→ **EXERCISE INSTRUCTIONS**: In the material below, which lines hold the word "trivB"? Pick each one out.

→ **EXTRACTED MATERIAL**:

(* Let $A$ and $B$ be commutative groups. (a) If $B$ is trivial, then $\mathcal D(A,B)=\{-\infty\}$. (b) If $A$ is trivial and $B$ is nontrivial, then $\mathcal D(A,B)=\{-\infty,0\}$. (c) If $A$ and $B$ are both nontrivial, then $\mathcal D(A,B)\setminus\{\infty\}=\{n\in\{-\infty\}\cup\mathbb N: n\le\delta^\circ(A,B)\}$.
   Context: For commutative groups $A,B$, $B^A$ denotes the commutative group (under pointwise addition) of all maps $A\to B$. For $a\in A$, the difference operator $\Delta_a:B^A\to B^A$ is $(\Delta_a f)(x)=f(x+a)-f(x)$. Let $\widetilde{\mathbb N}=\mathbb N\cup\{-\infty,\infty\}$ ($\mathbb N=\{0,1,2,\dots\}$), totally ordered with $-\infty$ least and $\infty$ greatest. The functional degree $\operatorname{fdeg}(f)\in\widetilde{\mathbb N}$ of $f\in B^A$ is: $-\infty$ if $f=0$; otherwise the least $n\in\mathbb N$ such that $\Delta_{a_1}\cdots\Delta_{a_{n+1}}f=0$ for all $a_1,\dots,a_{n+1}\in A$; and $\infty$ if no such $n$ exists. $\mathcal D(A,B)=\{\operatorname{fdeg}(f):f\in B^A\}$, and $\delta^\circ(A,B)=\sup\{\operatorname{fdeg}(f): f\in B^A,\ \operatorname{fdeg}(f)<\infty\}$ (supremum in $\widetilde{\mathbb N}$). *)

From Stdlib Require Import ClassicalEpsilon.
From mathcomp Require Import all_boot all_order all_algebra.
Set Implicit Arguments. Unset Strict Implicit. Unset Printing Implicit Defensive.
Import GRing.Theory.
Local Open Scope ring_scope.

Inductive enat := NegInf | Fin of nat | PosInf.

Definition enat_le (x y : enat) : Prop :=
  match x, y with
  | NegInf, _ => True
  | _, PosInf => True
  | Fin m, Fin n => (m <= n)%N
  | _, _ => False
  end.

Definition Delta (A B : zmodType) (a : A) (f : A -> B) : A -> B :=
  fun x => f (x + a) - f x.

Definition iterDelta (A B : zmodType) (s : seq A) (f : A -> B) : A -> B :=
  foldr (@Delta A B) f s.

Definition vanishes (A B : zmodType) (f : A -> B) (n : nat) : Prop :=
  forall s : seq A, size s = n.+1 -> forall x, iterDelta s f x = 0.

Definition is_fdeg (A B : zmodType) (f : A -> B) (d : enat) : Prop :=
  match d with
  | NegInf => forall x, f x = 0
  | Fin n => (exists x, f x <> 0) /\ vanishes f n /\
             (forall m, vanishes f m -> (n <= m)%N)
  | PosInf => (exists x, f x <> 0) /\ (forall n, ~ vanishes f n)
  end.

Definition fdeg (A B : zmodType) (f : A -> B) : enat :=
  epsilon (inhabits NegInf) (is_fdeg f).

Definition Dset (A B : zmodType) (d : enat) : Prop :=
  exists f : A -> B, fdeg f = d.

Definition is_sup (S : enat -> Prop) (s : enat) : Prop :=
  (forall x, S x -> enat_le x s) /\
  (forall u, (forall x, S x -> enat_le x u) -> enat_le s u).

Definition delta0 (A B : zmodType) : enat :=
  epsilon (inhabits NegInf)
    (is_sup (fun d => exists f : A -> B, fdeg f = d /\ d <> PosInf)).

Definition trivial_group (G : zmodType) : Prop := forall x : G, x = 0.

From mathcomp Require Import all_boot all_order all_algebra.
From Stdlib Require Import Classical ClassicalEpsilon.
From mathcomp Require Import zify.
Set Implicit Arguments. Unset Strict Implicit. Unset Printing Implicit Defensive.
Import GRing.Theory.
Local Open Scope ring_scope.

(* The set of finite functional degrees is downward closed: if f has degree
   m and s is a sequence of m differences that does not kill f, then applying
   the last m - n of them to f gives a function of degree exactly n.  Hence
   the finite degrees form an initial segment of -oo < 0 < 1 < ..., and that
   segment is everything up to its supremum delta°.  Parts (a) and (b) are direct: a map into the trivial
   group is 0, and every map on the trivial group is constant, so it is
   killed by a single difference. *)

Lemma exists_least_nat (P : nat -> Prop) n :
  P n -> exists k, P k /\ forall m, P m -> (k <= m)%N.
Proof.
elim/ltn_ind: n => n IH Pn.
case: (classic (exists m, (m < n)%N /\ P m)) => [[m [ltmn Pm]]|none].
  exact: IH ltmn Pm.
exists n; split=> // m Pm; rewrite leqNgt; apply/negP => ltmn.
by apply: none; exists m.
Qed.

Lemma enat_le_trans x y z : enat_le x y -> enat_le y z -> enat_le x z.
Proof.
by case: x => [|a|]; case: y => [|b|]; case: z => [|c|] //=; exact: leq_trans.
Qed.

Lemma is_sup_exists (S : enat -> Prop) : exists s, is_sup S s.
Proof.
case: (classic (exists m, forall x, S x -> enat_le x (Fin m))) => [[m Sm]|unbdd].
  case: (classic (exists x, S x /\ x <> NegInf)) => [[x [Sx x_neq]]|none]; last first.
    exists NegInf; split=> // -[|n|] Sx //; case: none.
    - by exists (Fin n).
    - by exists PosInf.
  have [k [Sk k_min]] :=
    @exists_least_nat (fun m => forall x, S x -> enat_le x (Fin m)) m Sm.
  exists (Fin k); split=> // -[|j|] ub //=.
  - by move: (ub x Sx) x_neq; case: x {Sx}.
  - by apply: k_min => y Sy; move: (ub y Sy); case: y {Sy}.
exists PosInf; split=> [[]|[|j|] ub] //; exfalso; apply: unbdd.
  by exists 0%N => x Sx; move: (ub x Sx); case: x {Sx}.
by exists j.
Qed.

(* A supremum of at least n is attained up to n: the predecessor of n (or -oo
   when n = 0) would otherwise be a smaller upper bound. *)
Lemma is_sup_ge_Fin (S : enat -> Prop) s n :
  is_sup S s -> enat_le (Fin n) s -> exists x, S x /\ enat_le (Fin n) x.
Proof.
move=> [_ s_least] le_ns; apply: NNPP => none.
have : enat_le s (if n is n'.+1 then Fin n' else NegInf).
  apply: s_least => -[|m|] Sx //=; last by case: none; exists PosInf.
  case: (leqP n m) => [le_nm|]; first by case: none; exists (Fin m).
  by case: n {le_ns none}.
by move/(enat_le_trans le_ns); case: n {le_ns none} => //= n; rewrite ltnn.
Qed.

Section Differences.
Variables A B : zmodType.
Implicit Types (f : A -> B) (s : seq A).

Lemma iterDelta_cat s t f : iterDelta (s ++ t) f = iterDelta s (iterDelta t f).
Proof. exact: foldr_cat. Qed.

Lemma iterDelta_eq0 f : (forall x, f x = 0) -> forall s x, iterDelta s f x = 0.
Proof. by move=> f0; elim=> [|a s IH] x //=; rewrite /Delta !IH subr0. Qed.

Lemma vanishesS f m : vanishes f m -> vanishes f m.+1.
Proof. by move=> van [|a s] //= [] size_s x; rewrite /Delta !van // subrr. Qed.

Lemma vanishes_leq f m k : vanishes f m -> (m <= k)%N -> vanishes f k.
Proof.
move=> van; elim: k => [|k IH]; first by rewrite leqn0 => /eqP <-.
by rewrite leq_eqVlt => /orP [/eqP <- //|/IH/vanishesS].
Qed.

Lemma is_fdeg_unique f d d' : is_fdeg f d -> is_fdeg f d' -> d = d'.
Proof.
have nz_absurd (P : Prop) : (exists x, f x <> 0) -> (forall x, f x = 0) -> P.
  by move=> [x fx] f0; case: (fx (f0 x)).
case: d => [|n|]; case: d' => [|n'|] //=.
- by move=> f0 [nz _]; exact: nz_absurd nz f0.
- by move=> f0 [nz _]; exact: nz_absurd nz f0.
- by move=> [nz _] f0; exact: nz_absurd nz f0.
- move=> [_ [van min]] [_ [van' min']]; congr Fin; apply/eqP.
  by rewrite eqn_leq min // min'.
- by move=> [_ [van _]] [_ no_van]; case: (no_van n).
- by move=> [nz _] f0; exact: nz_absurd nz f0.
- by move=> [_ no_van] [_ [van _]]; case: (no_van n').
Qed.

Lemma is_fdeg_exists f : exists d, is_fdeg f d.
Proof.
case: (classic (forall x, f x = 0)) => [f0|/not_all_ex_not nz].
  by exists NegInf.
case: (classic (exists n, vanishes f n)) => [[n van]|no_van].
  have [k [van_k k_min]] := exists_least_nat van.
  by exists (Fin k).
by exists PosInf; split=> // n van; apply: no_van; exists n.
Qed.

Lemma fdegP f : is_fdeg f (fdeg f).
Proof. exact: epsilon_spec (is_fdeg_exists f). Qed.

Lemma fdeg_eq f d : is_fdeg f d -> fdeg f = d.
Proof. exact: is_fdeg_unique (fdegP f). Qed.

Lemma fdeg0 : fdeg (fun _ : A => 0 : B) = NegInf.
Proof. exact: fdeg_eq. Qed.

Lemma fdeg_FinP f n :
  fdeg f = Fin n <->
  (exists s, size s = n /\ exists x, iterDelta s f x <> 0) /\ vanishes f n.
Proof.
split=> [deg_f|[[s [size_s [x nz_x]]] van]].
  have := fdegP f; rewrite deg_f => -[[x fx] [van min]]; split=> //.
  case: n {deg_f} van min => [|n] van min; first by exists [::]; split; last exists x.
  apply: NNPP => none; suff /min : vanishes f n by rewrite ltnn.
  by move=> s size_s y; apply: NNPP => nz_y; apply: none; exists s; split; last exists y.
apply: fdeg_eq; split; last split=> // m van_m.
  apply: NNPP => f0; apply: nz_x; apply: iterDelta_eq0 => y.
  by apply: NNPP => fy; apply: f0; exists y.
rewrite leqNgt; apply/negP => lt_mn.
case: n size_s lt_mn van => // n size_s lt_mn van.
by apply: nz_x; exact: vanishes_leq van_m lt_mn s size_s x.
Qed.

Lemma fdeg_downward f m n :
  fdeg f = Fin m -> (n <= m)%N -> exists g : A -> B, fdeg g = Fin n.
Proof.
move=> /fdeg_FinP [[s [size_s [x nz_x]]] van] le_nm.
exists (iterDelta (drop n s) f); apply/fdeg_FinP; split.
  exists (take n s); split; first by rewrite size_take size_s; case: ltnP; lia.
  by exists x; rewrite -iterDelta_cat cat_take_drop.
move=> w size_w y; rewrite -iterDelta_cat; apply: van.
by rewrite size_cat size_drop size_w size_s; lia.
Qed.

Lemma fdeg_trivial_codomain f : trivial_group B -> fdeg f = NegInf.
Proof. by move=> trivB; apply: fdeg_eq => x; exact: trivB. Qed.

Lemma vanishes0_trivial_domain f : trivial_group A -> vanishes f 0.
Proof.
move=> trivA [|a [|b s]] // _ x /=.
by rewrite /Delta (trivA (x + a)) (trivA x) subrr.
Qed.

Lemma fdeg_vanishes0 f : vanishes f 0 -> fdeg f = NegInf \/ fdeg f = Fin 0.
Proof.
move=> van; case: (classic (forall x, f x = 0)) => [f0|/not_all_ex_not nz].
  by left; apply: fdeg_eq.
by right; apply: fdeg_eq.
Qed.

Lemma fdeg_const (b : B) : b <> 0 -> vanishes (fun _ : A => b) 0 ->
  fdeg (fun _ : A => b) = Fin 0.
Proof. by move=> nz van; apply: fdeg_eq; split; first exists 0. Qed.

Lemma delta0P : is_sup (fun d => exists f : A -> B, fdeg f = d /\ d <> PosInf)
                       (delta0 A B).
Proof. exact: epsilon_spec (is_sup_exists _). Qed.

Lemma Dset_finite_iff d :
  Dset A B d /\ d <> PosInf <->
  (d = NegInf \/ exists n, d = Fin n) /\ enat_le d (delta0 A B).
Proof.
split=> [[[f deg_f] d_fin]|[[->|[n ->]] le_d]].
- split; first by case: d deg_f d_fin => [|n|] // _ _; [left|right; exists n].
  by apply: delta0P.1; exists f.
- by split=> //; exists (fun _ => 0); exact: fdeg0.
- have [[|m|] [[f [deg_f x_fin]] le_nm]] := is_sup_ge_Fin delta0P le_d => //.
  by have [g deg_g] := fdeg_downward deg_f le_nm; split=> //; exists g.
Qed.

End Differences.

Theorem lemma2 (A B : zmodType) :
  (trivial_group B -> forall d, Dset A B d <-> d = NegInf) /\
  (trivial_group A -> ~ trivial_group B ->
     forall d, Dset A B d <-> (d = NegInf \/ d = Fin 0)) /\
  (~ trivial_group A -> ~ trivial_group B ->
     forall d, (Dset A B d /\ d <> PosInf) <->
               ((d = NegInf \/ exists n, d = Fin n) /\ enat_le d (delta0 A B))).
Proof.
split; [|split].
- move=> trivB d; split=> [[f <-]|->]; first exact: fdeg_trivial_codomain.
  by exists (fun _ => 0); exact: fdeg0.
- move=> trivA /not_all_ex_not [b nz_b] d; split=> [[f <-]|[->|->]].
  + exact/fdeg_vanishes0/vanishes0_trivial_domain.
  + by exists (fun _ => 0); exact: fdeg0.
  + by exists (fun _ => b); apply/fdeg_const/vanishes0_trivial_domain.
- by move=> _ _; exact: Dset_finite_iff.
Qed.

→ **YOUR SOLUTION**:
Proof. by move=> trivB; apply: fdeg_eq => x; exact: trivB. Qed.
- move=> trivB d; split=> [[f <-]|->]; first exact: fdeg_trivial_codomain.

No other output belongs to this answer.